QUESTION: Are elk a subspecies of deer or a separate species? Are elk related to domestic cattle? To moose? Why are they called bulls, cows and calves while deer are bucks, does and fawns?

ANSWER: I should be able to answer the first two questions fairly easily. The last one might be a little tougher.

Taxonomically, deer, elk, moose and caribou are in the Class Mammalia, which includes all mammals. They are then segregated into the Order Artiodactyla, which contains all the even-toed ungulates, including sheep, bison, pigs and, yes, cows — so they are related at this level.

However, they are further separated into the Family Cervidae, the deer family. Within this family are four Genera: Alces (moose), Cervus (elk and red deer), Rangifer (caribou) and Odocoileus (deer). So far, so good, but this is where things start to get a little confusing.

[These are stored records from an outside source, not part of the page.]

(* Let $\mathcal J$ be a generalized almost complex structure on a Courant algebroid $E$ and $D$ a generalized connection with $D\mathcal J=0$. Then for all $u,v,w\in\Gamma(E)$, $$T^D(u,v,w)-T^D(\mathcal Ju,v,\mathcal Jw)-T^D(u,\mathcal Jv,\mathcal Jw)-T^D(\mathcal Ju,\mathcal Jv,w)=N_{\mathcal J}(u,v,w).$$ In particular, identifying $\Lambda^3E^*/\mathrm{im}\,\partial_{\mathcal J}$ with $\mathrm{im}\,\Pi_{\mathcal J}=\Lambda^3_{\mathcal J}E^*$, the intrinsic torsion of $\mathcal J$ equals $t_{\mathcal J}=\frac14N_{\mathcal J}$ (viewed as 3-forms on $E$).
   Context: A Courant algebroid on $M$ is a real vector bundle $E\to M$ with nondegenerate symmetric bilinear form $\langle\cdot,\cdot\rangle$, an $\mathbb R$-bilinear bracket $[\cdot,\cdot]$ on $\Gamma(E)$ and bundle map $\pi:E\to TM$ such that for $u,v,w\in\Gamma(E)$, $f\in C^\infty(M)$: $[u,[v,w]]=[[u,v],w]+[v,[u,w]]$; $\pi([u,v])=[\pi(u),\pi(v)]$; $[u,fv]=\pi(u)(f)v+f[u,v]$; $\pi(u)\langle v,w\rangle=\langle[u,v],w\rangle+\langle v,[u,w]\rangle$; $2\langle[u,u],v\rangle=\pi(v)\langle u,u\rangle$. A generalized connection is an $\mathbb R$-linear $D:\Gamma(E)\to\Gamma(E^*\otimes E)$ with $D_u(fv)=\pi(u)(f)v+fD_uv$ and $\pi(u)\langle v,w\rangle=\langle D_uv,w\rangle+\langle v,D_uw\rangle$; its torsion is $T^D(u,v)=D_uv-D_vu-[u,v]+(Du)^*v$ ($(Du)^*$ adjoint of $w\mapsto D_wu$), and $T^D(u,v,w)=\langle T^D(u,v),w\rangle$ (a 3-form). A generalized almost complex structure is a $\langle\cdot,\cdot\rangle$-orthogonal $\mathcal J$ with $\mathcal J^2=-\mathrm{Id}$; $N_{\mathcal J}(u,v)=[\mathcal Ju,\mathcal Jv]-[u,v]-\mathcal J([\mathcal Ju,v]+[u,\mathcal Jv])$ and $N_{\mathcal J}(u,v,w)=\langle N_{\mathcal J}(u,v),w\rangle$ (a 3-form). $\Lambda^{1,1}_{\mathcal J}E^*$ is the bundle of $\mathcal J$-invariant 2-forms; $\partial_{\mathcal J}:E^*\otimes\Lambda^{1,1}_{\mathcal J}E^*\to\Lambda^3E^*$, $(\partial_{\mathcal J}\eta)(u,v,w)=\eta(u,v,w)+\eta(w,u,v)+\eta(v,w,u)$. $\Pi_{\mathcal J}$ is the projector $(\Pi_{\mathcal J}\alpha)(u,v,w)=\frac14(\alpha(u,v,w)-\alpha(u,\mathcal Jv,\mathcal Jw)-\alpha(\mathcal Ju,v,\mathcal Jw)-\alpha(\mathcal Ju,\mathcal Jv,w))$ onto $\Lambda^3_{\mathcal J}E^*=\{\alpha:\alpha(\mathcal Ju,v,w)=\alpha(u,\mathcal Jv,w)=\alpha(u,v,\mathcal Jw)\}$, whose kernel is $\mathrm{im}\,\partial_{\mathcal J}$. The intrinsic torsion of $\mathcal J$ is the class of $T^D$ in $\Lambda^3E^*/\mathrm{im}\,\partial_{\mathcal J}$ for any generalized connection $D$ with $D\mathcal J=0$; under the identification above it is $\Pi_{\mathcal J}(T^D)$. *)

(* Algebraic model of a Courant algebroid:
   A  plays the role of C^oo(M) (a commutative R-algebra, R a real field),
   S  plays the role of Gamma(E) (an A-module),
   anchor u : A -> A is the vector field pi(u) acting as a derivation of A. *)
From HB Require Import structures.
From mathcomp Require Import all_boot all_order all_algebra.
Set Implicit Arguments. Unset Strict Implicit. Unset Printing Implicit Defensive.
Import Order.TTheory GRing.Theory Num.Theory.
Local Open Scope ring_scope.

Record courant (R : realFieldType) (A : comAlgType R) (S : lmodType A) := Courant {
  cpair : S -> S -> A;
  cbr : S -> S -> S;                   (* Dorfman bracket [.,.] *)
  anchor : S -> A -> A;
  cpair_sym : forall u v, cpair u v = cpair v u;
  cpair_addl : forall u v w, cpair (u + v) w = cpair u w + cpair v w;
  cpair_scalel : forall (f : A) u v, cpair (f *: u) v = f * cpair u v;
  cpair_nondeg : forall u, (forall v, cpair u v = 0) -> u = 0;
  anchor_addl : forall u v f, anchor (u + v) f = anchor u f + anchor v f;
  anchor_scalel : forall (g : A) u f, anchor (g *: u) f = g * anchor u f;
  anchor_add : forall u f g, anchor u (f + g) = anchor u f + anchor u g;
  anchor_scaleR : forall u (r : R) f, anchor u (r *: f) = r *: anchor u f;
  anchor_mul : forall u f g, anchor u (f * g) = anchor u f * g + f * anchor u g;
  cbr_addl : forall u v w, cbr (u + v) w = cbr u w + cbr v w;
  cbr_addr : forall u v w, cbr u (v + w) = cbr u v + cbr u w;
  cbr_scaleRl : forall (r : R) u v, cbr ((r%:A : A) *: u) v = (r%:A : A) *: cbr u v;
  cbr_scaleRr : forall (r : R) u v, cbr u ((r%:A : A) *: v) = (r%:A : A) *: cbr u v;
  cbr_jacobi : forall u v w, cbr u (cbr v w) = cbr (cbr u v) w + cbr v (cbr u w);
  anchor_br : forall u v f,
    anchor (cbr u v) f = anchor u (anchor v f) - anchor v (anchor u f);
  cbr_leibniz : forall u v (f : A), cbr u (f *: v) = anchor u f *: v + f *: cbr u v;
  cbr_invariance : forall u v w,
    anchor u (cpair v w) = cpair (cbr u v) w + cpair v (cbr u w);
  cbr_sym : forall u v, 2%:R * cpair (cbr u u) v = anchor v (cpair u u)
}.

(* generalized connection: D u v = D_u v *)
Record genconn (R : realFieldType) (A : comAlgType R) (S : lmodType A)
    (C : courant S) := GenConn {
  cD : S -> S -> S;
  cD_addl : forall u v w, cD (u + v) w = cD u w + cD v w;
  cD_scalel : forall (f : A) u v, cD (f *: u) v = f *: cD u v;
  cD_addr : forall u v w, cD u (v + w) = cD u v + cD u w;
  cD_scaleRr : forall (r : R) u v, cD u ((r%:A : A) *: v) = (r%:A : A) *: cD u v;
  cD_leibniz : forall u v (f : A), cD u (f *: v) = anchor C u f *: v + f *: cD u v;
  cD_metric : forall u v w,
    anchor C u (cpair C v w) = cpair C (cD u v) w + cpair C v (cD u w)
}.

Record gacs (R : realFieldType) (A : comAlgType R) (S : lmodType A)
    (C : courant S) := GACS {
  cJ : {linear S -> S};
  cJ_sq : forall u, cJ (cJ u) = - u;
  cJ_orth : forall u v, cpair C (cJ u) (cJ v) = cpair C u v
}.

Section Defs.
Variables (R : realFieldType) (A : comAlgType R) (S : lmodType A) (C : courant S).

(* T^D(u,v,w) = < D_u v - D_v u - [u,v] + (Du)^* v , w >,
   where < (Du)^* v, w > = < v, D_w u > *)
Definition torsion3 (D : genconn C) (u v w : S) : A :=
  cpair C (cD D u v - cD D v u - cbr C u v) w + cpair C v (cD D w u).

Definition nijenhuis (J : gacs C) (u v : S) : S :=
  cbr C (cJ J u) (cJ J v) - cbr C u v
  - cJ J (cbr C (cJ J u) v + cbr C u (cJ J v)).

Definition nijenhuis3 (J : gacs C) (u v w : S) : A := cpair C (nijenhuis J u v) w.

Definition parallel (D : genconn C) (J : gacs C) : Prop :=
  forall u v, cD D u (cJ J v) = cJ J (cD D u v).

(* Pi_J on 3-forms (given as functions S -> S -> S -> A) *)
Definition PiJ (J : gacs C) (al : S -> S -> S -> A) (u v w : S) : A :=
  ((4%:R : R)^-1)%:A * (al u v w - al u (cJ J v) (cJ J w)
     - al (cJ J u) v (cJ J w) - al (cJ J u) (cJ J v) w).

End Defs.

(* The connection part of T^D is built, by slot permutations, from the form
   (x, y, z) |-> <D_x y, z>, which is J-invariant in (y, z) because D J = 0 and J
   is orthogonal; the J-twisted sum below annihilates every such form.  Only the
   bracket part -<[u, v], w> survives, and its J-twisted sum is N_J. *)
From HB Require Import structures.
From mathcomp Require Import all_boot all_order all_algebra.
From mathcomp Require Import ring.
Set Implicit Arguments. Unset Strict Implicit. Unset Printing Implicit Defensive.
Import Order.TTheory GRing.Theory Num.Theory.
Local Open Scope ring_scope.

Section Pairing.
Variables (R : realFieldType) (A : comAlgType R) (S : lmodType A) (C : courant S).

Lemma cpair_oppl u v : cpair C (- u) v = - cpair C u v.
Proof. by rewrite -scaleN1r cpair_scalel mulN1r. Qed.

Lemma cpair_oppr u v : cpair C u (- v) = - cpair C u v.
Proof. by rewrite cpair_sym cpair_oppl cpair_sym. Qed.

Lemma cpair_subl u v w : cpair C (u - v) w = cpair C u w - cpair C v w.
Proof. by rewrite cpair_addl cpair_oppl. Qed.

Lemma cpair_Jl (J : gacs C) u v : cpair C (cJ J u) v = - cpair C u (cJ J v).
Proof. by rewrite -(cJ_orth J u) cJ_sq cpair_oppr opprK. Qed.

End Pairing.

Section JTwist.
Variables (R : realFieldType) (A : comAlgType R) (S : lmodType A) (C : courant S).
Variable J : gacs C.

Definition Jtwist (al : S -> S -> S -> A) u v w : A :=
  al u v w - al (cJ J u) v (cJ J w) - al u (cJ J v) (cJ J w)
  - al (cJ J u) (cJ J v) w.

Lemma eq_Jtwist al be : (forall x y z, al x y z = be x y z) ->
  forall u v w, Jtwist al u v w = Jtwist be u v w.
Proof. by move=> eq_al_be u v w; rewrite /Jtwist !eq_al_be. Qed.

Lemma JtwistD al be u v w :
  Jtwist (fun x y z => al x y z + be x y z) u v w
  = Jtwist al u v w + Jtwist be u v w.
Proof. rewrite /Jtwist /=; ring. Qed.

Lemma JtwistB al be u v w :
  Jtwist (fun x y z => al x y z - be x y z) u v w
  = Jtwist al u v w - Jtwist be u v w.
Proof. rewrite /Jtwist /=; ring. Qed.

Lemma PiJE al u v w : PiJ J al u v w = ((4%:R : R)^-1)%:A * Jtwist al u v w.
Proof. by rewrite /PiJ /Jtwist; congr (_ * (_ - _)); rewrite addrAC. Qed.

Section InvariantForm.
Variable be : S -> S -> S -> A.
Hypothesis be_Jskew : forall x y z, be x (cJ J y) z = - be x y (cJ J z).
Hypothesis be_JJ : forall x y z, be x (cJ J y) (cJ J z) = be x y z.

Lemma Jtwist_invariant_form u v w : Jtwist be u v w = 0.
Proof. rewrite /Jtwist be_JJ be_Jskew; ring. Qed.

Lemma Jtwist_invariant_form_swap u v w :
  Jtwist (fun x y z => be y x z) u v w = 0.
Proof. rewrite /Jtwist be_JJ be_Jskew; ring. Qed.

Lemma Jtwist_invariant_form_cycle u v w :
  Jtwist (fun x y z => be z x y) u v w = 0.
Proof. rewrite /Jtwist be_JJ be_Jskew; ring. Qed.

End InvariantForm.

Lemma nijenhuis3E u v w :
  nijenhuis3 J u v w = - Jtwist (fun x y z => cpair C (cbr C x y) z) u v w.
Proof.
rewrite /nijenhuis3 /nijenhuis /Jtwist !cpair_subl cpair_Jl.
by rewrite cpair_addl; ring.
Qed.

End JTwist.

Section Torsion.
Variables (R : realFieldType) (A : comAlgType R) (S : lmodType A) (C : courant S).
Variable D : genconn C.

Definition connection_form x y z : A := cpair C (cD D x y) z.

Lemma torsion3E u v w : torsion3 D u v w =
  connection_form u v w - connection_form v u w + connection_form w u v
  - cpair C (cbr C u v) w.
Proof.
rewrite /torsion3 /connection_form !cpair_addl !cpair_oppl.
by rewrite (cpair_sym _ v); ring.
Qed.

Variable J : gacs C.
Hypothesis DJ : parallel D J.

Lemma connection_form_Jskew x y z :
  connection_form x (cJ J y) z = - connection_form x y (cJ J z).
Proof. by rewrite /connection_form DJ cpair_Jl. Qed.

Lemma connection_form_JJ x y z :
  connection_form x (cJ J y) (cJ J z) = connection_form x y z.
Proof. by rewrite /connection_form DJ cJ_orth. Qed.

Lemma Jtwist_torsion3 u v w : Jtwist J (torsion3 D) u v w = nijenhuis3 J u v w.
Proof.
have [sk inv] := (connection_form_Jskew, connection_form_JJ).
rewrite (eq_Jtwist J torsion3E) JtwistB JtwistD JtwistB.
rewrite (Jtwist_invariant_form sk inv) (Jtwist_invariant_form_swap sk inv).
by rewrite (Jtwist_invariant_form_cycle sk inv) subrr add0r sub0r nijenhuis3E.
Qed.

End Torsion.

Theorem corollary3p3 (R : realFieldType) (A : comAlgType R) (S : lmodType A)
    (C : courant S) (J : gacs C) (D : genconn C) :
  parallel D J ->
  (forall u v w : S,
     torsion3 D u v w - torsion3 D (cJ J u) v (cJ J w)
     - torsion3 D u (cJ J v) (cJ J w) - torsion3 D (cJ J u) (cJ J v) w
     = nijenhuis3 J u v w)
  /\
  (forall u v w : S,
     PiJ J (torsion3 D) u v w = ((4%:R : R)^-1)%:A * nijenhuis3 J u v w).
Proof.
move=> DJ; split=> u v w; first exact: Jtwist_torsion3.
by rewrite PiJE Jtwist_torsion3.
Qed.
Lemma lower_potential_drift_exact s i : protocol_inv s -> (i < k)%nat -> ~ prob s < 1 ->
  prob s * lower_potential (step s i true) + (1 - prob s) * lower_potential (step s i false)
  <= lower_potential s.
Proof.
  intros HI Hi Hp. pose proof HI as (HB & _).
  destruct (protocol_inv_exact s HI Hp) as (Hp1 & Ht & Hle & _).
  rewrite Hp1. unfold lower_potential at 3. destruct (Rlt_dec (prob s) 1); [contradiction|].
  replace (1 - 1) with 0 by ring. rewrite Rmult_0_l, Rmult_1_l, Rplus_0_r.
  destruct (Nat.eq_dec (S (Bctr s)) k) as [E | E].
  - destruct (step_report_end s i Hi E) as (A1 & _ & A3 & A4 & A5).
    assert (Hm : 0 < INR (S (total s))) by (apply lt_0_INR; lia).
    unfold lower_potential. rewrite A1, A3, A4, A5.
    destruct (round_end_prob_cases _ Hm) as [(_ & ->) | (_ & -> & Hlt1)].
    { destruct (Rlt_dec 1 1); lra. }
    destruct (Rlt_dec (threshold / INR (S (total s))) 1); [|contradiction].
    replace (INR k - INR 0) with (INR k) by (simpl; ring).
    rewrite round_end_count, ln_mult, !S_INR by (try pose proof growth_pos; lra).
    fold log_growth. pose proof threshold_pos. pose proof INR_k_ge1.
    assert (INR (total s) + 1 <= threshold + 2 * INR k).
    { rewrite Ht, plus_INR. apply lt_INR in HB. lra. }
    assert (ln (INR (total s) + 1) <= ln (threshold + 2 * INR k))
      by (apply ln_le; [pose proof (pos_INR (total s)) |]; lra).
    pose proof (pos_INR (rounds s)). pose proof log_growth_pos.
    assert (0 <= log_growth * INR (rounds s)) by (apply Rmult_le_pos; lra). lra.
  - destruct (step_report_mid s i Hi E) as (_ & _ & _ & A4 & _).
    unfold lower_potential. rewrite A4. destruct (Rlt_dec (prob s) 1); [contradiction | lra].
Qed.
(* For any $u,v\in\mathbb{R}^d$, \[ \{\langle u, Bv\rangle : B\in \mathbb{B}^u_d\} = \{\langle u, Bv\rangle : B\in \mathbb{B}_d\} = \big[\langle u^\downarrow, v^\uparrow\rangle,\ \langle u^\downarrow, v^\downarrow\rangle\big]. \]
   Context: $\langle u,v\rangle=\sum_j u_jv_j$ for real vectors. For $u\in\mathbb{R}^d$, $u^\downarrow$ (resp. $u^\uparrow$) is the vector with the same entries rearranged in decreasing (resp. increasing) order. $\mathbb{B}_d$ is the set of $d\times d$ bistochastic (doubly stochastic) matrices: real matrices with nonnegative entries whose rows and columns each sum to $1$. $\mathbb{B}^u_d\subseteq\mathbb{B}_d$ is the set of unistochastic matrices, i.e. matrices of the form $[\,|U_{ij}|^2\,]_{i,j}$ for some $d\times d$ unitary matrix $U$. *)

(* The real field R^d is modelled inside an arbitrary
   numClosedFieldType C (e.g. the complex numbers), real vectors being
   C-vectors with real entries; unitaries are C-matrices. *)
From HB Require Import structures.
From mathcomp Require Import all_boot all_order all_algebra.
Set Implicit Arguments. Unset Strict Implicit. Unset Printing Implicit Defensive.
Import Order.TTheory GRing.Theory Num.Theory.
Local Open Scope ring_scope.

Section Defs.
Variable C : numClosedFieldType.

Definition inner (d : nat) (u w : 'cV[C]_d) : C := \sum_(i < d) u i 0 * w i 0.

Definition vdown (d : nat) (u : 'cV[C]_d) : 'cV[C]_d :=
  \col_(i < d) nth 0 (sort (fun x y : C => y <= x) [seq u j 0 | j <- enum 'I_d]) i.
Definition vup (d : nat) (u : 'cV[C]_d) : 'cV[C]_d :=
  \col_(i < d) nth 0 (sort (fun x y : C => x <= y) [seq u j 0 | j <- enum 'I_d]) i.

Definition real_vec (d : nat) (u : 'cV[C]_d) : Prop := forall i, u i 0 \is Num.real.

Definition bistochastic (d : nat) (B : 'M[C]_d) : Prop :=
  (forall i j, 0 <= B i j) /\
  (forall i, \sum_(j < d) B i j = 1) /\
  (forall j, \sum_(i < d) B i j = 1).

Definition unitary (d : nat) (U : 'M[C]_d) : Prop :=
  U *m (map_mx Num.conj U)^T = 1%:M.

Definition unistochastic (d : nat) (B : 'M[C]_d) : Prop :=
  exists U : 'M[C]_d, unitary U /\ B = \matrix_(i, j) (`|U i j| ^+ 2).
End Defs.

From mathcomp Require Import all_boot all_order all_algebra all_fingroup ring.
Import Order.TTheory GRing.Theory Num.Theory.
Local Open Scope ring_scope.
Set Implicit Arguments. Unset Strict Implicit. Unset Printing Implicit Defensive.
(* Let $m=(i,k,\nu)$ with $i\in\{1,\ldots,N\}$, $k\in\{1,\ldots,n\}$, $\nu\in\{1,2\}$, and let $r>0$. Write $\psi_i^{-1}(\leq r)=\{p\in\mathbb{R}^{nN}\mid\psi_i(p)\leq r\}$. (a) The function $h_\nu\circ\psi_i$ is of class $C^1$, and (i) $h_\nu\circ\psi_i$ is bounded by a multiple of $\psi_i$ on $\psi_i^{-1}(\leq r)$; (ii) $\nabla(h_\nu\circ\psi_i)$ is bounded by a multiple of $\psi_i^{1/2}$ on $\psi_i^{-1}(\leq r)$. (b) The Lie derivative $X_m\psi$ is of class $C^2$, and (i) $X_m\psi$ is bounded by a multiple of $\psi_i^{3/2}$ on $\psi_i^{-1}(\leq r)$; (ii) $\nabla(X_m\psi)$ is bounded by a multiple of $\psi_i$ on $\psi_i^{-1}(\leq r)$; (iii) $\mathrm{D}^2(X_m\psi)$ is bounded by a multiple of $\psi_i^{1/2}$ on $\psi_i^{-1}(\leq r)$.
   Context: $G=(V,E)$ is an undirected graph with $V=\{1,\ldots,N\}$ and nonempty edge set $E$ of two-element subsets (edges $ij$); $d_{ij}\geq0$ for $ij\in E$. For $p=(p_1,\ldots,p_N)\in\mathbb{R}^{nN}$: $\psi_i(p)=\frac14\sum_{j:\,ij\in E}(\|p_j-p_i\|^2-d_{ij}^2)^2$ and $\psi(p)=\frac14\sum_{ij\in E}(\|p_j-p_i\|^2-d_{ij}^2)^2$. For each $i$, $b_{i,1},\ldots,b_{i,n}$ is an orthonormal basis of $\mathbb{R}^n$; $B_{i,k}:\mathbb{R}^{nN}\to\mathbb{R}^{nN}$ is the constant vector field whose $i$-th block in $\mathbb{R}^n$ is $b_{i,k}$ and other blocks are $0$. $X_m(p):=h_\nu(\psi_i(p))B_{i,k}(p)$ for $m=(i,k,\nu)$, and $X_m\psi(p)=\mathrm{D}\psi(p)X_m(p)$ is the Lie derivative. The functions $h_1,h_2:\mathbb{R}\to\mathbb{R}$ satisfy, for $\nu=1,2$: (i) $h_\nu(y)=0$ for $y\leq 0$; (ii) $h_\nu$ is bounded and of class $C^2$ on $(0,\infty)$; (iii) $h_\nu(y)/y$ remains bounded as $y\downarrow 0$; (iv) $h_\nu'(y)$ remains bounded as $y\downarrow0$; (v) $h_\nu''(y)\,y$ remains bounded as $y\downarrow 0$; (vi) there exist $r',c'>0$ with $h_2'(y)h_1(y)-h_1'(y)h_2(y)\leq -c'y$ for all $y\in(0,r']$. Terminology: for a nonnegative function $b$ and a set $W$, a function $f$ is bounded by a multiple of $b$ on $W$ if there is $c>0$ with $|f(x)|\leq c\,b(x)$ for all $x\in W$; a vector field $X$ if $\|X(x)\|\leq c\,b(x)$; a bilinear-form-valued map $A$ if $|A(x)(v,w)|\leq c\,b(x)\|v\|\|w\|$ for all $x\in W$ and all $v,w$. *)

From HB Require Import structures.
From mathcomp Require Import all_boot all_order all_algebra.
From mathcomp Require Import all_classical all_reals all_analysis.
Set Implicit Arguments. Unset Strict Implicit. Unset Printing Implicit Defensive.
Import Order.TTheory GRing.Theory Num.Theory.
Import numFieldNormedType.Exports.
Local Open Scope ring_scope.
Local Open Scope classical_set_scope.

(* Points p = (p_1,...,p_N) of R^{nN} are N x n matrices: row i is p_i. *)
Notation config R N n := 'M[R]_(N, n).

Section Defs.
Variables (R : realType) (N n : nat).

Definition sqdist (p : config R N n) (i j : 'I_N) : R :=
  \sum_(l < n) (p j l - p i l) ^+ 2.

Definition psi_i (E : rel 'I_N) (d : 'I_N -> 'I_N -> R) (i : 'I_N)
    (p : config R N n) : R :=
  4^-1 * \sum_(j < N | E i j) (sqdist p i j - d i j ^+ 2) ^+ 2.

Definition psi (E : rel 'I_N) (d : 'I_N -> 'I_N -> R) (p : config R N n) : R :=
  4^-1 * \sum_(i < N) \sum_(j < N | (i < j)%N && E i j)
           (sqdist p i j - d i j ^+ 2) ^+ 2.

Definition Bfield (i : 'I_N) (b : 'rV[R]_n) : config R N n :=
  \matrix_(j, l) (if j == i then b 0 l else 0).

Definition Xpsi (E : rel 'I_N) (d : 'I_N -> 'I_N -> R) (h : R -> R)
    (i : 'I_N) (b : 'rV[R]_n) (p : config R N n) : R :=
  'd (psi E d) p (h (psi_i E d i p) *: Bfield i b).
End Defs.

Section Smooth.
Variables (R : realType) (V : normedModType R).

(* class C^1 : differentiable everywhere with continuous differential
   (continuity of x |-> Df(x) tested on each direction; V is finite-dim.) *)
Definition C1 (f : V -> R) : Prop :=
  (forall x, differentiable f x) /\
  (forall v, continuous (fun x => 'd f x v)).

Definition D2 (f : V -> R) (x v w : V) : R := 'd (fun y => 'd f y v) x w.

Definition C2 (f : V -> R) : Prop :=
  (forall x, differentiable f x) /\
  (forall v x, differentiable (fun y => 'd f y v) x) /\
  (forall v w, continuous (fun x => D2 f x v w)).

Definition fun_bdd_mult (f : V -> R) (b : V -> R) (W : set V) : Prop :=
  exists2 c : R, 0 < c & forall x, W x -> `|f x| <= c * b x.
Definition diff_bdd_mult (f : V -> R) (b : V -> R) (W : set V) : Prop :=
  exists2 c : R, 0 < c & forall x, W x -> forall v, `|'d f x v| <= c * b x * `|v|.
Definition D2_bdd_mult (f : V -> R) (b : V -> R) (W : set V) : Prop :=
  exists2 c : R, 0 < c & forall x, W x -> forall v w,
    `|D2 f x v w| <= c * b x * `|v| * `|w|.
End Smooth.

Section Hyp.
Variable (R : realType).
Definition h_hyp (h : R -> R) : Prop :=
  [/\ (forall y, y <= 0 -> h y = 0),
      (exists M, forall y, `|h y| <= M) /\
      (forall y, 0 < y -> [/\ derivable h y 1, derivable (derive1 h) y 1
                            & {for y, continuous (derive1n 2 h)}]),
      (exists2 d : R, 0 < d & exists M, forall y, 0 < y < d -> `|h y / y| <= M),
      (exists2 d : R, 0 < d & exists M, forall y, 0 < y < d -> `|(derive1 h) y| <= M)
    & (exists2 d : R, 0 < d & exists M, forall y, 0 < y < d -> `|(derive1n 2 h) y * y| <= M)].

Definition h_hyp6 (h1 h2 : R -> R) : Prop :=
  exists2 r' : R, 0 < r' & exists2 c' : R, 0 < c' &
    forall y, 0 < y <= r' -> (derive1 h2) y * h1 y - (derive1 h1) y * h2 y <= - (c' * y).
End Hyp.

From HB Require Import structures.
From mathcomp Require Import all_boot all_order all_algebra.
From mathcomp Require Import all_classical all_reals all_analysis.
From mathcomp Require Import ring lra.
Import Order.TTheory GRing.Theory Num.Theory.
Import numFieldNormedType.Exports.
Local Open Scope ring_scope.
Local Open Scope classical_set_scope.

The moose is North America’s largest member of the deer family and hard to confuse with anything else, at least on this side of the Atlantic. In Eurasia, this species is referred to as an elk, not to be confused with the North American elk or wapiti. To make things even more confusing, taxonomists consider our North American elk and the red deer of Europe and Asia (which has also been transplanted to South American and New Zealand) to be the same species, despite the fact that they look, act and sound quite different, and occupy entirely different continents.

As to why the sexes and ages have different names, there are several possible reasons.

In some cases it’s geographical. In Canada, male caribou are called bulls but Europeans refer to male reindeer (which are the same genus) as stags. In North America, female elk are called cows and males called bulls. Elsewhere, female red deer are called hinds and males called stags. Back home, the term “stag” is sometimes attributed to a buck deer that, as the result of some type of injury and malady, retains its antlers in velvet indefinitely.

And I don’t know the origin of the terms buck and doe, but I do know that buckskins were once a very important trade item and their value was approximately that of a dollar, which is how the term “buck” became ascribed to the dollar bill.